3. Load the Image from the tar File (docker load)
docker load -i myimage.tar
Compressed files can be loaded directly:
docker load -i myimage.tar.gz
You can also load from stdin:
cat myimage.tar | docker load
4. Verify the Loaded Image
docker images
The tag from docker save is preserved, so you can run it right away with the original name, e.g. docker run myimage:latest.
5. Exporting a Running Container’s Filesystem (docker export)
If you only need a running container’s filesystem — not the full image — use docker export instead.
docker export <container-name> -o container.tar
Load a tar file created by docker export with docker import, but note that layer history and metadata like CMD/ENTRYPOINT are not preserved.
docker import container.tar myimage:imported
Common Errors
open myimage.tar: no such file or directory
The path passed to docker load -i is wrong, or it’s pointing somewhere other than where docker save wrote the file.
ls -la myimage.tar
docker load -i ./myimage.tar
Error processing tar file(exit status 1): unexpected EOF
The transfer was interrupted and the tar file is corrupted. Re-transfer with scp or rsync, and compare file size or sha256sum before and after.
sha256sum myimage.tar
docker images Shows Nothing After docker load
docker load may have run against a different Docker daemon (a different context or remote host).

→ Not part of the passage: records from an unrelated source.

Lemma Psi_Adic (f a : nat -> bool) : Inf a -> forall x : path, Psi x = (f, a) ->
  exists d : nat,
    tau d = (fun k => xorb (odo a k) (a k)) /\
    (exists y : path, Adic x y) /\
    (forall y : path, Adic x y -> Psi y = ((fun g => f (Dadd g d)), odo a)).
Proof.
  intros [Hzeros _] x HPsi. injection HPsi as <- <-. unfold Aof.
  destruct (first_index (pe x) false) as (n & Hn & Hlow).
  { destruct (Hzeros 0) as (k & _ & Hk). eauto. }
  rewrite (odo_first_zero _ n Hn Hlow).
  exists (Nat.ones (S n)). split; [|split].
  - apply functional_extensionality; intro k. unfold tau, flip_upto.
    rewrite testbit_ones. now destruct (k <=? n), (pe x k).
  - eauto using Adic_adic_flip.
  - intros y Hy. rewrite (Adic_unique _ _ _ Hy (Adic_adic_flip x n Hn Hlow)).
    apply Psi_mkpath.
Qed.

(** * [T_0(OP)] *)

Lemma Inf_flip_upto n a : Inf a -> Inf (flip_upto n a).
Proof.
  unfold flip_upto. intros [Hzeros Hones]; split; intros N.
  - destruct (Hzeros (N + S n)) as (k & Hk & Ha).
    exists k. split; [lia|]. replace (k <=? n) with false by (symmetry; apply Nat.leb_gt; lia).
    exact Ha.
  - destruct (Hones (N + S n)) as (k & Hk & Ha).
    exists k. split; [lia|]. replace (k <=? n) with false by (symmetry; apply Nat.leb_gt; lia).
    exact Ha.
Qed.

Lemma Adic_succ_exists x : Inf (pe x) -> exists y, Adic x y /\ Inf (pe y).
Proof.
  intros HInf. destruct (first_index (pe x) false) as (n & Hn & Hlow).
  { destruct (proj1 HInf 0) as (k & _ & Hk). eauto. }
  exists (adic_flip x n). split; [exact (Adic_adic_flip x n Hn Hlow)|].
  now apply Inf_flip_upto.
Qed.

Lemma Adic_pred_exists x : Inf (pe x) -> exists y, Adic y x /\ Inf (pe y).
Proof.
  intros HInf. destruct (first_index (pe x) true) as (n & Hn & Hlow).
  { destruct (proj2 HInf 0) as (k & _ & Hk). eauto. }
  exists (adic_flip x n). split; [|now apply Inf_flip_upto].
  rewrite <- (adic_flip_involutive x n) at 2.
  apply Adic_adic_flip; cbn [adic_flip mkpath pe]; unfold flip_upto.
  - now rewrite Nat.leb_refl, Hn.
  - intros k Hk. rewrite Hlow by exact Hk.
    now replace (k <=? n) with true by (symmetry; apply Nat.leb_le; lia).
Qed.

Definition adic_next (x : path) : path :=
  epsilon (inhabits x) (fun y => Adic x y /\ Inf (pe y)).

Definition adic_prev (x : path) : path :=
  epsilon (inhabits x) (fun y => Adic y x /\ Inf (pe y)).

Lemma adic_next_spec x : Inf (pe x) -> Adic x (adic_next x) /\ Inf (pe (adic_next x)).
Proof. intros HInf. exact (epsilon_spec _ _ (Adic_succ_exists x HInf)). Qed.

Lemma adic_prev_spec x : Inf (pe x) -> Adic (adic_prev x) x /\ Inf (pe (adic_prev x)).
Proof. intros HInf. exact (epsilon_spec _ _ (Adic_pred_exists x HInf)). Qed.

Definition adic_orbit (x : path) (k : Z) : path :=
  if (0 <=? k)%Z then Nat.iter (Z.to_nat k) adic_next x
  else Nat.iter (Z.to_nat (- k)) adic_prev x.

Lemma T0_of_Inf x : Inf (pe x) -> T0 x.
Proof.
  intros HInf.
  assert (Hnext : forall j, Inf (pe (Nat.iter j adic_next x))).
  { induction j; [exact HInf|]. now apply adic_next_spec. }
  assert (Hprev : forall j, Inf (pe (Nat.iter j adic_prev x))).
  { induction j; [exact HInf|]. now apply adic_prev_spec. }
  exists (adic_orbit x). split; [reflexivity|]. intros k. unfold adic_orbit.
  destruct (Z.leb_spec 0 k), (Z.leb_spec 0 (k + 1)); try lia.
  - replace (Z.to_nat (k + 1)) with (S (Z.to_nat k)) by lia.
    apply adic_next_spec, Hnext.
  - replace k with (-1)%Z by lia. apply adic_prev_spec, HInf.
  - replace (Z.to_nat (- k)) with (S (Z.to_nat (- (k + 1)))) by lia.
    apply adic_prev_spec, Hprev.
Qed.

Lemma bitsum_all_false n a : (forall k, k < n -> a k = false) -> bitsum n a = 0.
Proof. induction n as [|n IH]; intros Ha; [reflexivity|]. simpl. rewrite IH, Ha; auto. Qed.

Lemma bitsum_all_true n a : (forall k, k < n -> a k = true) -> S (bitsum n a) = 2 ^ n.
Proof.
  induction n as [|n IH]; intros Ha; [reflexivity|].
  simpl. rewrite Ha by lia. unfold gen. specialize (IH ltac:(auto)). lia.
Qed.

Lemma Adic_carry x y : Adic x y -> exists n,
  pe x n = false /\ pe y n = true /\ (forall k, n < k -> pe y k = pe x k) /\
  forall m, n < m -> bitsum m (pe y) = S (bitsum m (pe x)).
Proof.
  intros (n & Hx & Hxlow & Hy & Hylow & Hyhigh & _).
  exists n. repeat split; [exact Hx | exact Hy | exact Hyhigh |].
  intros m Hm. induction m as [|m IH]; [lia|].
  destruct (Nat.eq_dec m n) as [->|Hmn]; simpl.
  - rewrite Hx, Hy, (bitsum_all_false n (pe y)) by exact Hylow.
    pose proof (bitsum_all_true n (pe x) Hxlow). unfold gen. lia.
  - rewrite IH, Hyhigh by lia. reflexivity.
Qed.

Lemma orbit_no_ones_tail (y : Z -> path) N :
  (forall k, Adic (y k) (y (k + 1)%Z)) -> ~ (forall k, N <= k -> pe (y 0%Z) k = true).
Proof.
  intros Hy Hones.
  assert (Hj : forall j, (forall k, N <= k -> pe (y (Z.of_nat j)) k = true) /\
                 bitsum N (pe (y (Z.of_nat j))) = j + bitsum N (pe (y 0%Z))).
  { induction j as [|j [Htail Hsum]]; [split; auto|].
    destruct (Adic_carry _ _ (Hy (Z.of_nat j))) as (n & Hn0 & _ & Hhigh & Hcarry).
    replace (Z.of_nat (S j)) with (Z.of_nat j + 1)%Z by lia.
    assert (n < N).
    { destruct (Nat.lt_ge_cases n N) as [|HNn]; [assumption|].
      rewrite Htail in Hn0 by exact HNn. discriminate. }
    split.
    - intros k Hk. rewrite Hhigh by lia. auto.
    - rewrite Hcarry by assumption. lia. }
  destruct (Hj (2 ^ N)) as [_ Hsum].
  pose proof (bitsum_lt N (pe (y (Z.of_nat (2 ^ N))))). lia.
Qed.

Lemma orbit_no_zeros_tail (y : Z -> path) N :
  (forall k, Adic (y k) (y (k + 1)%Z)) -> ~ (forall k, N <= k -> pe (y 0%Z) k = false).
Proof.
  intros Hy Hzeros.
  assert (Hj : forall j, (forall k, N <= k -> pe (y (- Z.of_nat j)%Z) k = false) /\
                 j + bitsum N (pe (y (- Z.of_nat j)%Z)) = bitsum N (pe (y 0%Z))).
  { induction j as [|j [Htail Hsum]]; [split; auto|].
    pose proof (Hy (- Z.of_nat (S j))%Z) as HA.
    replace (- Z.of_nat (S j) + 1)%Z with (- Z.of_nat j)%Z in HA by lia.
    destruct (Adic_carry _ _ HA) as (n & _ & Hn1 & Hhigh & Hcarry).
    assert (n < N).
    { destruct (Nat.lt_ge_cases n N) as [|HNn]; [assumption|].
      rewrite Htail in Hn1 by exact HNn. discriminate. }
    split.
    - intros k Hk. rewrite <- Hhigh by lia. auto.
    - rewrite Hcarry in Hsum by assumption. lia. }
  destruct (Hj (S (bitsum N (pe (y 0%Z))))) as [_ Hsum]. lia.
Qed.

Check the active context.
docker context ls
docker context use default
no space left on device
The destination has run out of disk space while extracting the tar file. Check usage with docker system df and clean up unused images/containers.
docker system df
docker system prune
FAQ
Q: What’s the difference between docker save and docker export?

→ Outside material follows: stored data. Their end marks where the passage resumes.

Definition to_nonedge (w : V) (k : I) : bool :=
  if k is Some (u, v) then [&& w == v, u != v & ~~ e u v] else false.

Definition code_a (w : V) := \prod_(k | ~~ from_nonedge w k) pair_prime k.
Definition code_b (w : V) := \prod_(k | ~~ to_nonedge w k) pair_prime k.
Definition code_modulus := \prod_(k : I) pair_prime k.

Lemma pair_prime_dvd_prod (P : pred I) k :
  (pair_prime k %| \prod_(l | P l) pair_prime l) = P k.
Proof.
by rewrite (prime_family_dvd_prod pair_prime_prime pair_prime_inj) mem_index_enum.
Qed.

Lemma eqn_mod_code_modulus x y :
  (x == y %[mod code_modulus]) = [forall k, x == y %[mod pair_prime k]].
Proof.
rewrite (eqn_mod_prime_family_prod pair_prime_prime pair_prime_inj) ?index_enum_uniq //.
by apply/allP/forallP => eq_mod k //; rewrite eq_mod ?mem_index_enum.
Qed.

Lemma code_modulus_gt1 : 1 < code_modulus.
Proof.
apply: leq_trans (prime_gt1 (pair_prime_prime None)) (dvdn_leq _ _).
  by apply: prodn_gt0 => k; apply/prime_gt0/pair_prime_prime.
by rewrite (pair_prime_dvd_prod predT).
Qed.

Lemma from_to_nonedge x y k :
  from_nonedge x k && to_nonedge y k = [&& k == Some (x, y), x != y & ~~ e x y].
Proof.
case: k => [[u v]|] //=; rewrite -[Some _ == _]/((u, v) == (x, y)) xpair_eqE.
have [->|] //= := eqVneq x u; have [->|] /= := eqVneq y v; rewrite ?andbF //.
by rewrite andbCA andbb.
Qed.

Lemma code_cross_dvd x y k :
  (pair_prime k %| code_a x * code_b y) = ~~ [&& k == Some (x, y), x != y & ~~ e x y].
Proof.
by rewrite Euclid_dvdM ?pair_prime_prime // !pair_prime_dvd_prod -negb_and from_to_nonedge.
Qed.

Lemma code_cross_eqmod x y : x != y ->
  (code_a x * code_b y == code_a y * code_b x %[mod code_modulus]) = e x y.
Proof.
move=> neq_xy.
have eqmodE k : (code_a x * code_b y == code_a y * code_b x %[mod pair_prime k]) =
      ~~ [&& k == Some (x, y), x != y & ~~ e x y]
   && ~~ [&& k == Some (y, x), y != x & ~~ e y x].
  rewrite eqn_mod_dvdE !code_cross_dvd // -negb_and; case: (k =P Some (x, y)) => //= ->.
  by rewrite -[Some _ == _]/((x, y) == (y, x)) xpair_eqE (negbTE neq_xy) !andbF.
rewrite eqn_mod_code_modulus.
apply/forallP/idP => [/(_ (Some (x, y)))|exy k].
  by rewrite eqmodE eqxx neq_xy negbK => /andP[].
by rewrite eqmodE [e y x]e_sym exy !andbF.
Qed.

Lemma code_a_inj_mod x y : code_a x = code_a y %[mod code_modulus] -> x = y.
Proof.
move/eqP; rewrite eqn_mod_code_modulus => /forallP/(_ (Some (x, x))) /eqP eq_mod.
have : (pair_prime (Some (x, x)) %| code_a x) = (pair_prime (Some (x, x)) %| code_a y).
  by rewrite /dvdn eq_mod.
by rewrite !pair_prime_dvd_prod /= eqxx e_irr /= andbT => /esym/negbFE/eqP.
Qed.

End GraphCode.

Lemma graph_code_exists (V : finType) (e : rel V) :
    symmetric e -> irreflexive e ->
  exists n (a b : V -> nat), [/\ 1 < n,
    forall u v, u != v -> (a u * b v == a v * b u %[mod n]) = e u v &
    forall u v, a u = a v %[mod n] -> u = v].
Proof.
move=> e_sym e_irr; exists (code_modulus V), (code_a e), (code_b e).
by split; [exact: code_modulus_gt1 | exact: code_cross_eqmod | exact: code_a_inj_mod].
Qed.

Local Open Scope group_scope.

Lemma card_ker_morphim (aT rT : finGroupType) (D : {group aT})
    (f : {morphism D >-> rT}) :
  #|D| = (#|'ker f| * #|f @* D|)%N.
Proof. by rewrite card_morphim setIid Lagrange // subsetIl. Qed.

Section Heisenberg.
Variable m : nat.
Local Notation n := m.+2.
Local Notation R := 'Z_n.

Definition heis := (R * R * R)%type.
HB.instance Definition _ := Finite.on heis.

Local Open Scope ring_scope.

(* [(a, b, c)] stands for the unitriangular matrix [[1, a, c], [0, 1, b], [0, 0, 1]]. *)
Definition heis_mul (x y : heis) : heis :=
  (x.1.1 + y.1.1, x.1.2 + y.1.2, x.2 + y.2 + x.1.1 * y.1.2).
Definition heis_one : heis := (0, 0, 0).
Definition heis_inv (x : heis) : heis := (- x.1.1, - x.1.2, - x.2 + x.1.1 * x.1.2).

Lemma heis_mulA : associative heis_mul.
Proof.
by move=> [[a b] c] [[a' b'] c'] [[a'' b''] c'']; congr (_, _, _); rewrite /=; ring.
Qed.

Lemma heis_mul1 : left_id heis_one heis_mul.
Proof. by move=> [[a b] c]; congr (_, _, _); rewrite /=; ring. Qed.

Lemma heis_mulV : left_inverse heis_one heis_inv heis_mul.
Proof. by move=> [[a b] c]; congr (_, _, _); rewrite /=; ring. Qed.

HB.instance Definition _ := Finite_isGroup.Build heis heis_mulA heis_mul1 heis_mulV.

Definition triple (a b c : R) : heis := (a, b, c).

Lemma tripleM a b c a' b' c' :
  (triple a b c * triple a' b' c')%g = triple (a + a') (b + b') (c + c' + a * b').
Proof. by []. Qed.

Lemma tripleV a b c : (triple a b c)^-1%g = triple (- a) (- b) (- c + a * b).
Proof. by []. Qed.

Lemma triple_eta (h : heis) : h = triple h.1.1 h.1.2 h.2.
Proof. by case: h => [[]]. Qed.

Lemma commute_triple a b c a' b' c' :
  commute (triple a b c) (triple a' b' c') <-> a * b' = a' * b.
Proof.
rewrite /commute !tripleM; split => [/(congr1 snd)/=|eq_ab].
  by rewrite (addrC c' c); apply: addrI.
by congr triple; rewrite ?(addrC c') ?eq_ab; ring.
Qed.

Lemma commg_triple a b c a' b' c' :
  [~ triple a b c, triple a' b' c']%g = triple 0 0 (a * b' - a' * b).
Proof. by rewrite /commg /conjg !tripleV !tripleM; congr triple; rewrite /=; ring. Qed.

Definition heis_x := triple 1 0 0.
Definition heis_y := triple 0 1 0.

Lemma expg_heis_x k : (heis_x ^+ k)%g = triple k%:R 0 0.
Proof. by elim: k => // k IHk; rewrite expgS IHk tripleM mulrS ?mulr0 ?addr0. Qed.

Lemma expg_heis_y k : (heis_y ^+ k)%g = triple 0 k%:R 0.
Proof. by elim: k => // k IHk; rewrite expgS IHk tripleM mulrS ?mul0r ?addr0. Qed.

Definition heis_center : {set heis} := [set h : heis | (h.1.1 == 0) && (h.1.2 == 0)].

Lemma mem_heis_center a b c : (triple a b c \in heis_center) = (a == 0) && (b == 0).
Proof. by rewrite inE. Qed.

Lemma group_set_heis_center : group_set heis_center.
Proof.
apply/group_setP; split => [|[[a b] c] [[a' b'] c']]; first by rewrite inE /= eqxx.
rewrite -!/(triple _ _ _) tripleM !mem_heis_center.
by case/andP=> /eqP-> /eqP-> /andP[/eqP-> /eqP->]; rewrite !addr0 eqxx.
Qed.
Canonical heis_center_group := Group group_set_heis_center.

Lemma heis_center_sub_center : (heis_center \subset 'Z([set: heis]))%g.
Proof.
apply/subsetP => -[[a b] c]; rewrite -/(triple _ _ _) mem_heis_center.
case/andP=> /eqP-> /eqP->; apply/centerP; split => [|h _]; first by rewrite inE.
by rewrite (triple_eta h); apply/commute_triple; rewrite mul0r mulr0.
Qed.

docker save exports the full image, including its layer structure and metadata (CMD/ENTRYPOINT, environment variables, etc.). docker export flattens a running container’s filesystem into a single layer with no metadata. Use docker save when you want to migrate the image as-is.
Q: How do I reduce the tar file size?
Compress it with docker save myimage | gzip > myimage.tar.gz. Trimming unnecessary layers with a multi-stage build also shrinks the underlying image size.

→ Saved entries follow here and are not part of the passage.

(* The hypotheses are the contact conditions [F = 0], [F_thth >= 0] for [F = p D 0 1 - D 0 2]. *)
Lemma contact_accel_pos x t p p' : t < T -> p' < 4 * p ^ 2 ->
  D 0 2 x t = p * D 0 1 x t -> 0 <= p * D 2 1 x t - D 2 2 x t ->
  0 < p' * D 0 1 x t + p * D 0 2 x t - D 0 3 x t.
Proof.
  intros Ht Hp' HP HPthth.
  pose proof (speed_evolution x t Ht) as E1. pose proof (accel_evolution x t Ht) as E2.
  pose proof (speed_neg x t Ht) as Hv.
  set (v := D 0 1 x t) in *. set (vthth := D 2 1 x t) in *.
  set (P := D 0 2 x t) in *. set (Pthth := D 2 2 x t) in *.
  assert (Hw : v ^ 3 * (vthth + v) = 3 * p).
  { apply (Rmult_eq_reg_l v); [|lra]. rewrite HP in E1.
    replace (v * (v ^ 3 * (vthth + v))) with (3 * (/ 3 * v ^ 4 * (vthth + v))) by field.
    rewrite <- E1. ring. }
  assert (HP3 : D 0 3 x t <= 5 * p ^ 2 * v).
  { rewrite E2, HP.
    replace (4 / 3 * v ^ 3 * (p * v) * (vthth + v)) with (4 / 3 * p * v * (v ^ 3 * (vthth + v)))
      by ring.
    assert (v ^ 4 * Pthth <= v ^ 4 * (p * vthth)) by (apply Rmult_le_compat_l; nra).
    replace (/ 3 * v ^ 4 * (Pthth + p * v)) with (/ 3 * (v ^ 4 * Pthth) + / 3 * p * v ^ 5) by ring.
    assert (v ^ 4 * (p * vthth) = p * v * (v ^ 3 * (vthth + v)) - p * v ^ 5) by ring.
    rewrite Hw in *. nra. }
  rewrite HP. nra.
Qed.

Lemma speed_quotient_barrier t0 t1 c eps : c < t0 < t1 -> t1 < T -> 0 < eps ->
  (forall x, riccati_barrier c eps t0 < D 0 2 x t0 / D 0 1 x t0) ->
  forall x, riccati_barrier c eps t1 < D 0 2 x t1 / D 0 1 x t1.
Proof.
  intros Hc Ht1 Heps Hinit.
  set (psi := riccati_barrier c eps).
  assert (Hquot : forall x t, t < T ->
            psi t < D 0 2 x t / D 0 1 x t <-> 0 < psi t * D 0 1 x t - D 0 2 x t).
  { intros x t Ht. pose proof (speed_neg x t Ht).
    replace (D 0 2 x t) with (D 0 2 x t / D 0 1 x t * D 0 1 x t) at 2 by (field; lra).
    split; intros; nra. }
  intros x. apply Hquot; [lra|]. revert x.
  apply (periodic_max_principle
           (fun x y => psi y * D 0 1 x y - D 0 2 x y)
           (fun x y => psi y * D 1 1 x y - D 1 2 x y)
           (fun x y => psi y * D 2 1 x y - D 2 2 x y)
           (fun x y => 4 * (/ (4 * (y - c))) ^ 2 * D 0 1 x y + psi y * D 0 2 x y - D 0 3 x y)
           t0 t1); try lra.
  - intros x t Ht. rewrite !D_periodic_dt by lra. reflexivity.
  - intros x t Ht. apply continuity_2d_pt_minus; [apply continuity_2d_pt_mult|];
      try (apply jcont_at_continuity_2d_pt, D_cont; lra).
    apply (continuity_1d_2d_pt_comp psi (fun _ y => y)); [|apply continuity_2d_pt_id2].
    apply derivable_continuous_pt. eexists. apply riccati_barrier_derive. lra.
  - intros x t Ht. eapply derivable_pt_lim_eq_value.
    + apply derivable_pt_lim_minus; [apply derivable_pt_lim_mult; [apply derivable_pt_lim_const|]|];
        apply D_dth; lra.
    + cbv beta; ring.
  - intros x t Ht. eapply derivable_pt_lim_eq_value.
    + apply derivable_pt_lim_minus; [apply derivable_pt_lim_mult; [apply derivable_pt_lim_const|]|];
        apply D_dth; lra.
    + cbv beta; ring.
  - intros x t Ht. eapply derivable_pt_lim_eq_value.
    + apply derivable_pt_lim_minus; [apply derivable_pt_lim_mult; [apply riccati_barrier_derive|]|];
        try apply D_dt; lra.
    + cbv beta; ring.
  - intros x t Ht HF Hthth. apply contact_accel_pos; [lra | | lra | exact Hthth].
    assert (0 < / (4 * (t - c))) by (apply Rinv_0_lt_compat; lra).
    unfold psi, riccati_barrier. nra.
  - intros x. apply Hquot; [lra | apply Hinit].
Qed.

(* If [D 0 2 > 0] at [t1], then [q = D 0 2 / D 0 1 < 0] there; a barrier started below the
   quotient at the earlier time [t1 + / q], which exists since the flow is ancient, is still
   above [q] at [t1]. *)
Lemma speed_dt_nonpos x1 t1 : t1 < T -> D 0 2 x1 t1 <= 0.
Proof.
  intros Ht1. apply Rnot_lt_le. intros HP1. pose proof (speed_neg x1 t1 Ht1).
  set (q := D 0 2 x1 t1 / D 0 1 x1 t1).
  assert (Hq : q < 0).
  { assert (/ D 0 1 x1 t1 < 0) by (apply Rinv_lt_0_compat; lra). unfold q, Rdiv. nra. }
  assert (Hiq : / q < 0) by (apply Rinv_lt_0_compat; lra).
  set (t0 := t1 + / q). assert (Ht0 : t0 < T) by (unfold t0; lra).
  destruct (periodic_continuous_min (fun y => D 0 2 y t0 / D 0 1 y t0)) as [xm Hxm].
  { intros y. cbv beta. rewrite !D_periodic_dt by auto. reflexivity. }
  { intros y _. pose proof (speed_neg y t0 Ht0). apply derivable_continuous_pt. eexists.
    apply derivable_pt_lim_div; try apply D_dth; auto; lra. }
  set (b := Rmax 1 (- (D 0 2 xm t0 / D 0 1 xm t0))).
  assert (Hb1 : 1 <= b) by apply Rmax_l.
  assert (Hb2 : - (D 0 2 xm t0 / D 0 1 xm t0) <= b) by apply Rmax_r.
  assert (Hib : 0 < / (4 * b)) by (apply Rinv_0_lt_compat; lra).
  set (c := t0 - / (4 * b)).
  assert (Hbarrier := speed_quotient_barrier t0 t1 c (- q / 2)).
  specialize (Hbarrier ltac:(unfold c, t0 in *; lra) Ht1 ltac:(lra)).
  assert (Hinit : forall x, riccati_barrier c (- q / 2) t0 < D 0 2 x t0 / D 0 1 x t0).
  { intros x. specialize (Hxm x). cbv beta in Hxm. unfold riccati_barrier.
    replace (/ (4 * (t0 - c))) with b by (unfold c; field; lra). lra. }
  specialize (Hbarrier Hinit x1). fold q in Hbarrier. unfold riccati_barrier in Hbarrier.
  assert (Hle : / (4 * (t1 - c)) <= / (4 * - / q)).
  { apply Rinv_le_contravar; [lra|]. unfold c, t0. lra. }
  replace (/ (4 * - / q)) with (- q / 4) in Hle by (field; lra). lra.
Qed.

Lemma neg_support_over_speed_dt_nonpos x t : t < T -> 0 < D 0 0 x t ->
  exists l, derivable_pt_lim (fun y => - (D 0 0 x y / D 0 1 x y)) t l /\ l <= 0.
Proof.
  intros Ht Hs. pose proof (speed_neg x t Ht). pose proof (speed_dt_nonpos x t Ht).
  eexists. split.
  - apply derivable_pt_lim_opp, derivable_pt_lim_div; try apply D_dt; auto; lra.
  - apply Ropp_le_cancel. rewrite Ropp_involutive, Ropp_0.
    apply Rdiv_le_0_compat; unfold Rsqr; nra.
Qed.

End AncientAffineFlow.

Lemma Rpower_third_cube x : 0 < x -> Rpower x (1 / 3) ^ 3 = x.
Proof.
  intros Hx. rewrite <- Rpower_pow by (unfold Rpower; apply exp_pos).
  rewrite Rpower_mult. replace (1 / 3 * INR 3) with 1 by (simpl; field). apply Rpower_1, Hx.
Qed.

Q: Can I change the tag when running docker load?
docker load has no option to rename the tag. Re-tag it afterward with docker tag.
docker tag myimage:latest myimage:v2
Q: Which is better, a registry or save/load?
For ongoing image distribution, a registry (Docker Hub, ECR, GCR, etc.) with push/pull is easier to manage. For offline environments or one-off transfers, save/load is the quicker option.
Q: If I bundle multiple images into one tar, can I load them individually?
docker load always loads every image in the tar file at once. If you need to load images individually, run docker save separately for each one.